The Madwoman Upstairs by Catherine Lowell
Samantha Whipple is the last surviving descendant of the Bronte family. Her father, whose recent death is the topic of much rumor and speculation, was believed to have inherited a family fortune consisting of diaries, paintings, notebooks and first editions, a fortune believed to have been passed down to Samantha. She has never seen any of it, but her father's will is now in the hands of lawyers who have been trying unsuccessfully to get her to return their calls.
She enrolls at Oxford, where she is tutored by a handsome professor with whom she has a contentious relationship and for whom she has an unwanted attraction. Some of her father's books, Bronte novels full of his own notes, books that were supposed to have been lost in a fire, inexplicably begin showing up in random places around campus. Samantha must follow the clues to track down who is leaving them and why.
What first drew me to this book was the literary mystery aspect; books about books are rarely not interesting to me. The best parts of this novel were the conversations between Samantha and her professor about the Bronte novels. I could have read a lot more of that. The mystery of the supposed fortune was also interesting, but the romance became in the end what the book was really about.
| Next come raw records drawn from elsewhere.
(* Let $S$ be an inverse monoid with zero, let $R$ be a unital ring, and let $\theta\colon S\to R$ be a representation. Let $\beta\colon S\to\mathsf{B}(S)$ be the Booleanization of $S$. Then there is a unique additive representation $\theta^{\ast}\colon\mathsf{B}(S)\to R$ such that $\theta^{\ast}(\beta(s))=\theta(s)$ for all $s\in S$.
   Context: A representation of an inverse monoid with zero $S$ in a unital ring $R$ is a monoid homomorphism from $S$ to the multiplicative monoid of $R$ mapping zero to $0$. Elements $a,b$ are orthogonal if $a^{-1}b=0=ab^{-1}$, compatible if $a^{-1}b,ab^{-1}$ are idempotents. A Boolean inverse monoid is an inverse monoid with zero having joins of compatible pairs (natural partial order), multiplication distributing over them, and idempotents forming a generalized Boolean algebra. If $S$ is a Boolean inverse monoid, a representation $\phi\colon S\to R$ is additive if $a\perp b$ implies $\phi(a\vee b)=\phi(a)+\phi(b)$. The Booleanization of $S$ is the Boolean inverse semigroup $\mathsf{B}(S)$ with an injective zero-preserving homomorphism $\beta$ such that every zero-preserving homomorphism from $S$ to a Boolean inverse semigroup $T$ factors uniquely as $\gamma\circ\beta$ with $\gamma$ a zero-preserving homomorphism preserving joins of compatible pairs; when $S$ is a monoid, $\mathsf{B}(S)$ is a monoid and $\beta$ a monoid homomorphism. *)

From mathcomp Require Import all_boot all_algebra.
Set Implicit Arguments.
Unset Strict Implicit.
Unset Printing Implicit Defensive.
Import GRing.Theory.

Record InvSemigroup0 := {
  isg_car :> Type;
  isg_mul : isg_car -> isg_car -> isg_car;
  isg_inv : isg_car -> isg_car;
  isg_zero : isg_car;
  isg_mulA : forall a b c, isg_mul a (isg_mul b c) = isg_mul (isg_mul a b) c;
  isg_inv1 : forall a, isg_mul (isg_mul a (isg_inv a)) a = a;
  isg_inv2 : forall a, isg_mul (isg_mul (isg_inv a) a) (isg_inv a) = isg_inv a;
  isg_inv_uniq : forall a b, isg_mul (isg_mul a b) a = a ->
                   isg_mul (isg_mul b a) b = b -> b = isg_inv a;
  isg_mul0l : forall a, isg_mul isg_zero a = isg_zero;
  isg_mul0r : forall a, isg_mul a isg_zero = isg_zero
}.

Record InvMonoid0 := {
  im_sg :> InvSemigroup0;
  im_one : im_sg;
  im_mul1l : forall a, isg_mul im_one a = a;
  im_mul1r : forall a, isg_mul a im_one = a
}.

Section Notions.
Variable S : InvSemigroup0.
Local Notation "a * b" := (isg_mul a b).
Local Notation "a ^-1" := (isg_inv a).

Definition idem (e : S) : Prop := e * e = e.

(* natural partial order: a <= b iff a = b a^-1 a (i.e. a = b e, e idempotent) *)
Definition nle (a b : S) : Prop := a = b * (a^-1 * a).

Definition orthogonal (a b : S) : Prop :=
  a^-1 * b = isg_zero S /\ a * b^-1 = isg_zero S.

Definition compatible (a b : S) : Prop := idem (a^-1 * b) /\ idem (a * b^-1).

Definition is_join (a b j : S) : Prop :=
  nle a j /\ nle b j /\ forall c, nle a c -> nle b c -> nle j c.

Definition is_joinE (e f j : S) : Prop :=
  idem j /\ nle e j /\ nle f j /\ forall c, idem c -> nle e c -> nle f c -> nle j c.

(* E(S) (meets are products, bottom is 0) is a generalized Boolean algebra:
   a distributive lattice with least element in which every interval [0,f]
   is complemented. *)
Definition idem_gen_boolean : Prop :=
  (forall e f, idem e -> idem f -> exists j, is_joinE e f j) /\
  (forall e f g j, idem e -> idem f -> idem g -> is_joinE f g j ->
       is_joinE (e * f) (e * g) (e * j)) /\
  (forall e f, idem e -> idem f -> nle e f ->
       exists g, idem g /\ e * g = isg_zero S /\ is_joinE e g f).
I don't tend to read contemporary romances unless they are secondary storylines in more complicated plots, so I was sorry it took that direction.
The ending I can only describe as underwhelming. The mystery of the appearing books was resolved in a way that meant little to the story, and the inheritance question just sort of fizzled out. After quite a promising start with a few nice twists, it came to an abrupt and unsatisfying end. There is an epilogue which basically says "and this happened" so we know the answer to at least one question, but others remain. I very much enjoyed the first three quarters of it but was disappointed with the finish.